[Collected data]
- - - -
(* Let $P,Q,R_0,R_1$ be integers with $PQ\neq 0$, $\Delta:=P^2-4Q\neq 0$, $|R_0|+|R_1|>0$ and $\gcd(P,Q)=\gcd(R_1,Q)=1$, and let $(R_n)_{n\ge 0}$ be defined by $R_{n+2}=PR_{n+1}-QR_n$ for all $n\geq 0$. Assume $\alpha/\beta$ is not a root of unity, where $\alpha,\beta$ are the roots of $x^2-Px+Q$. Let $n$ and $k$ be positive integers with $n\geq k$. Then the integer $L_{k,n}:=\mathrm{lcm}(R_k,R_{k+1},\dots,R_n)$ is a multiple of the rational number \[\frac{R_kR_{k+1}\cdots R_n}{[n-k]_{\boldsymbol{U}}!\,\left(\gcd(R_0,R_1)\right)^{n-k}},\] i.e. $L_{k,n}$ divided by this rational number is an integer.
   Context: $\alpha,\beta$ are the two distinct roots of $x^2-Px+Q$, labelled so that $|\alpha|\ge|\beta|$. The Lucas sequence is $U_n=(\alpha^n-\beta^n)/(\alpha-\beta)$ ($n\ge 0$), equivalently $U_0=0,U_1=1,U_{n+2}=PU_{n+1}-QU_n$. For $j\ge 0$, $[j]_{\boldsymbol{U}}!:=U_1U_2\cdots U_j$ with $[0]_{\boldsymbol{U}}!=1$. *)

From mathcomp Require Import all_boot all_order all_algebra all_field.
Set Implicit Arguments. Unset Strict Implicit. Unset Printing Implicit Defensive.
Import Order.TTheory GRing.Theory Num.Theory.
Local Open Scope ring_scope.

Fixpoint lucasU (P Q : int) (n : nat) : int :=
  match n with
  | 0%N => 0
  | S n1 => match n1 with
            | 0%N => 1
            | S m => P * lucasU P Q n1 - Q * lucasU P Q m
            end
  end.

Definition lucas_fact (P Q : int) (j : nat) : int :=
  \prod_(1 <= i < j.+1) lucasU P Q i.

(* lcm(R_k, ..., R_n) (nonnegative; equals 0 if some R_i = 0). *)
Definition lcm_range (R : nat -> int) (k n : nat) : int :=
  \big[lcmz/1]_(k <= i < n.+1) R i.

From mathcomp Require Import all_boot all_order all_algebra all_field.
From mathcomp Require Import ring.
Set Implicit Arguments. Unset Strict Implicit. Unset Printing Implicit Defensive.
Import Order.TTheory GRing.Theory Num.Theory.
Local Open Scope ring_scope.

(* Write g = gcd(R_0, R_1) and T = R_k ... R_{k+m}. Shifting the recurrence gives
   R_{k+m+1} = U_{m+1} R_{k+1} - Q U_m R_k, and a Bezout relation for (R_0, R_1)
   propagated along the recurrence gives x R_k + y R_{k+1} = g Q^k; together they
   yield an integer combination of R_{k+m+1} and R_k equal to U_{m+1} g Q^k.
   Induction on m then shows that T divides L [m]_U! g^m Q^e for every common
   multiple L of R_k, ..., R_{k+m} and some e. For k > 0 every R_k is coprime to Q,
   as R_{i+1} = P^i R_1 mod Q, so the power of Q can be dropped. Finally
   [m]_U! g^m is nonzero: U_i = 0 with i > 0 would force (alpha/beta)^i = 1 by
   the Binet formula. *)

Section LucasSequence.

Variables P Q : int.

Lemma lucasUS m : lucasU P Q m.+2 = P * lucasU P Q m.+1 - Q * lucasU P Q m.
Proof. by []. Qed.

Lemma lucas_fact_recr m : lucas_fact P Q m.+1 = lucas_fact P Q m * lucasU P Q m.+1.
Proof. by rewrite /lucas_fact big_nat_recr. Qed.

Lemma lucasU_binet (F : comPzRingType) (a b : F) :
  a + b = P%:~R -> a * b = Q%:~R ->
  forall n, (lucasU P Q n)%:~R * (a - b) = a ^+ n - b ^+ n.
Proof.
move=> sum_ab prod_ab.
suff binet2 n : (lucasU P Q n)%:~R * (a - b) = a ^+ n - b ^+ n /\
                (lucasU P Q n.+1)%:~R * (a - b) = a ^+ n.+1 - b ^+ n.+1.
  by move=> n; case: (binet2 n).
elim: n => [|n [IHn IHn1]]; first by split; rewrite /= ?mul0r ?subrr ?mul1r ?expr1.
split=> //.
rewrite lucasUS rmorphB !rmorphM /= mulrBl -!mulrA IHn IHn1 -sum_ab -prod_ab !exprS.
ring.
Qed.

Lemma lucas_roots (C : numClosedFieldType) : Q != 0 -> P ^+ 2 - 4 * Q != 0 ->
  exists a b : C, [/\ a + b = P%:~R, a * b = Q%:~R, a != b & b != 0].
Proof.
move=> Q_neq0 Delta_neq0.
have Delta_C : ((P ^+ 2 - 4 * Q)%:~R : C) = P%:~R ^+ 2 - 4 * Q%:~R.
  by rewrite rmorphB /= !rmorphM /= expr2 rmorph_nat.
set d := sqrtC ((P ^+ 2 - 4 * Q)%:~R : C).
have d2 : d ^+ 2 = P%:~R ^+ 2 - 4 * Q%:~R by rewrite sqrtCK Delta_C.
have d_neq0 : d != 0.
  by apply: contra Delta_neq0 => /eqP d0; rewrite -(intr_eq0 C) Delta_C -d2 d0 expr0n.
have two_neq0 : (2 : C) != 0 by rewrite pnatr_eq0.
set a := (P%:~R + d) / 2; set b := (P%:~R - d) / 2.
have ab_prod : a * b = Q%:~R.
  have -> : a * b = (P%:~R ^+ 2 - d ^+ 2) / 4 by rewrite /a /b; field.
  by rewrite d2; field.
exists a, b; split=> //.
- by rewrite /a /b; field.
- by rewrite -subr_eq0 (_ : a - b = d) // /a /b; field.
- by apply: contra Q_neq0 => /eqP b0; rewrite -(intr_eq0 C) -ab_prod b0 mulr0.
Qed.

Hypothesis Q_neq0 : Q != 0.
Hypothesis Delta_neq0 : P ^+ 2 - 4 * Q != 0.
Hypothesis root_ratio_not_unity : forall alpha beta : algC,
  alpha ^+ 2 - P%:~R * alpha + Q%:~R = 0 ->
  beta ^+ 2 - P%:~R * beta + Q%:~R = 0 ->
  alpha != beta -> forall m : nat, (0 < m)%N -> (alpha / beta) ^+ m != 1.

Lemma lucasU_neq0 i : (0 < i)%N -> lucasU P Q i != 0.
Proof.
move=> i_gt0.
have [a [b [sum_ab prod_ab a_neq_b b_neq0]]] := lucas_roots algC Q_neq0 Delta_neq0.
have root_a : a ^+ 2 - P%:~R * a + Q%:~R = 0 by rewrite -sum_ab -prod_ab; ring.
have root_b : b ^+ 2 - P%:~R * b + Q%:~R = 0 by rewrite -sum_ab -prod_ab; ring.
have := root_ratio_not_unity root_a root_b a_neq_b i_gt0; apply: contra => /eqP Ui0.
have := lucasU_binet sum_ab prod_ab i; rewrite Ui0 mul0r => /esym/eqP.
by rewrite subr_eq0 expr_div_n => /eqP ->; rewrite divff // expf_neq0.
Qed.

Lemma lucas_fact_neq0 m : lucas_fact P Q m != 0.
Proof.
rewrite /lucas_fact prodf_seq_neq0; apply/allP => i.
by rewrite mem_index_iota => /andP[i_gt0 _]; apply: lucasU_neq0.
Qed.

End LucasSequence.

Lemma dvdz_biglcmz (I : eqType) (s : seq I) (F : I -> int) i :
  i \in s -> (F i %| \big[lcmz/1]_(j <- s) F j)%Z.
Proof.
elim: s => [//|a s IHs]; rewrite inE big_cons => /orP[/eqP -> | i_in_s].
  exact: dvdz_lcml.
exact: dvdz_trans (IHs i_in_s) (dvdz_lcmr _ _).
Qed.

Lemma dvdz_mul_ratE (F : numFieldType) (T L D : int) : D != 0 ->
  (T %| L * D)%Z -> exists z : int, (L%:~R : F) = z%:~R * (T%:~R / D%:~R).
Proof.
move=> D_neq0 /dvdzP[z LD_eq]; exists z.
have D_F_neq0 : (D%:~R : F) != 0 by rewrite intr_eq0.
by rewrite mulrA -rmorphM /= -LD_eq rmorphM /= mulfK.
Qed.

Section RecurrenceSequence.

Variables (P Q : int) (R : nat -> int).
Hypothesis R_rec : forall m, R m.+2 = P * R m.+1 - Q * R m.

Let g := gcdz (R 0%N) (R 1%N).

Lemma R_addS k m : R (k + m.+1)%N = lucasU P Q m.+1 * R k.+1 - Q * lucasU P Q m * R k.
Proof.
suff R_add2 j : R (k + j.+1)%N = lucasU P Q j.+1 * R k.+1 - Q * lucasU P Q j * R k /\
   R (k + j.+2)%N = lucasU P Q j.+2 * R k.+1 - Q * lucasU P Q j.+1 * R k.
  by case: (R_add2 m).
elim: j => [|j [IHj IHj1]].
  by rewrite !addnS !addn0 R_rec lucasUS /=; split; ring.
split=> //.
by rewrite !addnS R_rec -!addnS IHj IHj1 (lucasUS P Q j.+1) (lucasUS P Q j); ring.
Qed.

Lemma R_gcd_bezout k : exists x y : int, x * R k + y * R k.+1 = g * Q ^+ k.
Proof.
elim: k => [|k [x [y IHk]]].
  by have [u [v uv]] := Bezoutz (R 0%N) (R 1%N); exists u, v; rewrite expr0 mulr1.
by exists (x * P + y * Q), (- x); rewrite R_rec exprS mulrCA -IHk; ring.
Qed.

Lemma R_lucasU_gcd_bezout k m :
  exists x y : int, x * R (k + m.+1)%N + y * R k = lucasU P Q m.+1 * (g * Q ^+ k).
Proof.
have [x [y xy]] := R_gcd_bezout k.
exists y, (lucasU P Q m.+1 * x + y * Q * lucasU P Q m).
by rewrite -xy R_addS; ring.
Qed.

Lemma coprimez_R_Q i : gcdz P Q = 1 -> gcdz (R 1%N) Q = 1 -> coprimez (R i.+1) Q.
Proof.
move=> PQ_coprime R1Q_coprime.
have [t ->] : exists t, R i.+1 = P ^+ i * R 1%N + t * Q.
  elim: i => [|i [t IHi]]; first by exists 0; rewrite expr0 mul1r mul0r addr0.
  by exists (P * t - R i); rewrite R_rec IHi exprS; ring.
rewrite /coprimez gcdzC addrC gcdzMDl gcdzC -/(coprimez _ _).
by rewrite coprimezMl coprimezXl ?andbT /coprimez ?PQ_coprime ?R1Q_coprime.
Qed.

Lemma dvdz_prodR_mul_fact m k : exists e : nat, forall L : int,
  (forall i, (k <= i <= k + m)%N -> (R i %| L)%Z) ->
  (\prod_(k <= i < k + m.+1) R i %| L * (lucas_fact P Q m * g ^+ m * Q ^+ e))%Z.
Proof.
elim: m k => [|m IHm] k.
  exists 0%N => L R_dvdL.
  rewrite /lucas_fact big_geq // addn1 big_nat1 !expr0 !mulr1.
  by apply: R_dvdL; rewrite addn0 leqnn.
have [e1 dvd_lo] := IHm k; have [e2 dvd_hi] := IHm k.+1.
have [x [y xy]] := R_lucasU_gcd_bezout k m.
exists (e1 + e2 + k)%N => L R_dvdL.
set A := lucas_fact P Q m * g ^+ m.
have {}dvd_lo : (\prod_(k <= i < k + m.+1) R i %| L * (A * Q ^+ e1))%Z.
  apply: dvd_lo => i /andP[k_le_i i_le]; apply: R_dvdL.
  by rewrite k_le_i (leq_trans i_le) // leq_add2l.
have {}dvd_hi : (\prod_(k.+1 <= i < k.+1 + m.+1) R i %| L * (A * Q ^+ e2))%Z.
  apply: dvd_hi => i /andP[k_lt_i i_le]; apply: R_dvdL.
  by rewrite (ltnW k_lt_i) (leq_trans i_le) // addSn -addnS.
have prod_recr : \prod_(k <= i < k + m.+2) R i =
    (\prod_(k <= i < k + m.+1) R i) * R (k + m.+1)%N.
  by rewrite addnS big_nat_recr // leq_addr.
have prod_recl : \prod_(k <= i < k + m.+2) R i = R k * \prod_(k.+1 <= i < k.+1 + m.+1) R i.
  by rewrite big_ltn ?addSn ?addnS // ltnS (leq_trans (leq_addr m k)).
have -> : L * (lucas_fact P Q m.+1 * g ^+ m.+1 * Q ^+ (e1 + e2 + k)) =
    L * (A * Q ^+ e1) * R (k + m.+1)%N * (x * Q ^+ e2) +
    R k * (L * (A * Q ^+ e2)) * (y * Q ^+ e1).
  have -> : lucas_fact P Q m.+1 * g ^+ m.+1 * Q ^+ (e1 + e2 + k) =
      A * Q ^+ e1 * Q ^+ e2 * (lucasU P Q m.+1 * (g * Q ^+ k)).
    by rewrite lucas_fact_recr !exprD exprS /A; ring.
  by rewrite -xy; ring.
by apply: rpredD; apply: dvdz_mulr; [rewrite prod_recr | rewrite prod_recl]; apply: dvdz_mul.
Qed.

Lemma dvdz_prodR_lcm_fact k m : (0 < k)%N -> gcdz P Q = 1 -> gcdz (R 1%N) Q = 1 ->
  (\prod_(k <= i < k + m.+1) R i %| lcm_range R k (k + m) * (lucas_fact P Q m * g ^+ m))%Z.
Proof.
move=> k_gt0 PQ_coprime R1Q_coprime.
have [e dvd_e] := dvdz_prodR_mul_fact m k.
have prod_coprime : coprimez (\prod_(k <= i < k + m.+1) R i) Q.
  rewrite big_seq; apply: (big_ind (coprimez^~ Q)).
  - by rewrite /coprimez gcdzC gcdz1.
  - by move=> a b a_coprime b_coprime; rewrite coprimezMl a_coprime b_coprime.
  case=> [|i]; rewrite mem_index_iota => /andP[k_le_i _].
    by have := leq_trans k_gt0 k_le_i.
  exact: coprimez_R_Q.
rewrite -(@Gauss_dvdzl _ _ (Q ^+ e)) ?coprimezXr // -mulrA.
apply: dvd_e => i i_range; apply: dvdz_biglcmz.
by rewrite mem_index_iota ltnS.
Qed.

End RecurrenceSequence.

Theorem theorem1 (P Q : int) (R : nat -> int)
  (hPQ : P * Q != 0)
  (hDelta : P ^+ 2 - 4 * Q != 0)
  (hR01 : 0 < `|R 0%N| + `|R 1%N|)
  (hgPQ : gcdz P Q = 1)
  (hgR1Q : gcdz (R 1%N) Q = 1)
  (hrec : forall m : nat, R m.+2 = P * R m.+1 - Q * R m)
  (hnotroot : forall alpha beta : algC,
      alpha ^+ 2 - P%:~R * alpha + Q%:~R = 0 ->
      beta ^+ 2 - P%:~R * beta + Q%:~R = 0 ->
      alpha != beta ->
      forall m : nat, (0 < m)%N -> (alpha / beta) ^+ m != 1)
  (n k : nat) (hk : (0 < k)%N) (hkn : (k <= n)%N) :
  exists z : int,
    ((lcm_range R k n)%:~R : rat) =
      z%:~R * (((\prod_(k <= i < n.+1) R i)%:~R : rat)
               / ((lucas_fact P Q (n - k))%:~R * ((gcdz (R 0%N) (R 1%N))%:~R) ^+ (n - k))).
Proof.
have [m ->] : exists m, n = (k + m)%N by exists (n - k)%N; rewrite subnKC.
rewrite addKn -addnS.
have Q_neq0 : Q != 0 by move: hPQ; rewrite mulf_eq0 negb_or => /andP[].
have g_neq0 : gcdz (R 0%N) (R 1%N) != 0.
  rewrite gcdz_eq0 negb_and; move: hR01.
  by case: (R 0%N =P 0) => [-> | //]; rewrite normr0 add0r normr_gt0.
have D_neq0 : lucas_fact P Q m * gcdz (R 0%N) (R 1%N) ^+ m != 0.
  by rewrite mulf_neq0 ?expf_neq0 ?(lucas_fact_neq0 Q_neq0 hDelta hnotroot).
rewrite -rmorphXn -rmorphM /=.
exact: (dvdz_mul_ratE rat D_neq0 (dvdz_prodR_lcm_fact hrec m hk hgPQ hgR1Q)).
Qed.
- - - -
• Aim of the task
Starting from the top of the records and ending at the line that contains "(* Write g = gcd(R_0, R_1)", repeat each line exactly and return only those lines.

• Response to the exercise
(* Let $P,Q,R_0,R_1$ be integers with $PQ\neq 0$, $\Delta:=P^2-4Q\neq 0$, $|R_0|+|R_1|>0$ and $\gcd(P,Q)=\gcd(R_1,Q)=1$, and let $(R_n)_{n\ge 0}$ be defined by $R_{n+2}=PR_{n+1}-QR_n$ for all $n\geq 0$. Assume $\alpha/\beta$ is not a root of unity, where $\alpha,\beta$ are the roots of $x^2-Px+Q$. Let $n$ and $k$ be positive integers with $n\geq k$. Then the integer $L_{k,n}:=\mathrm{lcm}(R_k,R_{k+1},\dots,R_n)$ is a multiple of the rational number \[\frac{R_kR_{k+1}\cdots R_n}{[n-k]_{\boldsymbol{U}}!\,\left(\gcd(R_0,R_1)\right)^{n-k}},\] i.e. $L_{k,n}$ divided by this rational number is an integer.
   Context: $\alpha,\beta$ are the two distinct roots of $x^2-Px+Q$, labelled so that $|\alpha|\ge|\beta|$. The Lucas sequence is $U_n=(\alpha^n-\beta^n)/(\alpha-\beta)$ ($n\ge 0$), equivalently $U_0=0,U_1=1,U_{n+2}=PU_{n+1}-QU_n$. For $j\ge 0$, $[j]_{\boldsymbol{U}}!:=U_1U_2\cdots U_j$ with $[0]_{\boldsymbol{U}}!=1$. *)

From mathcomp Require Import all_boot all_order all_algebra all_field.
Set Implicit Arguments. Unset Strict Implicit. Unset Printing Implicit Defensive.
Import Order.TTheory GRing.Theory Num.Theory.
Local Open Scope ring_scope.

Fixpoint lucasU (P Q : int) (n : nat) : int :=
  match n with
  | 0%N => 0
  | S n1 => match n1 with
            | 0%N => 1
            | S m => P * lucasU P Q n1 - Q * lucasU P Q m
            end
  end.

Definition lucas_fact (P Q : int) (j : nat) : int :=
  \prod_(1 <= i < j.+1) lucasU P Q i.

(* lcm(R_k, ..., R_n) (nonnegative; equals 0 if some R_i = 0). *)
Definition lcm_range (R : nat -> int) (k n : nat) : int :=
  \big[lcmz/1]_(k <= i < n.+1) R i.

From mathcomp Require Import all_boot all_order all_algebra all_field.
From mathcomp Require Import ring.
Set Implicit Arguments. Unset Strict Implicit. Unset Printing Implicit Defensive.
Import Order.TTheory GRing.Theory Num.Theory.
Local Open Scope ring_scope.

(* Write g = gcd(R_0, R_1) and T = R_k ... R_{k+m}. Shifting the recurrence gives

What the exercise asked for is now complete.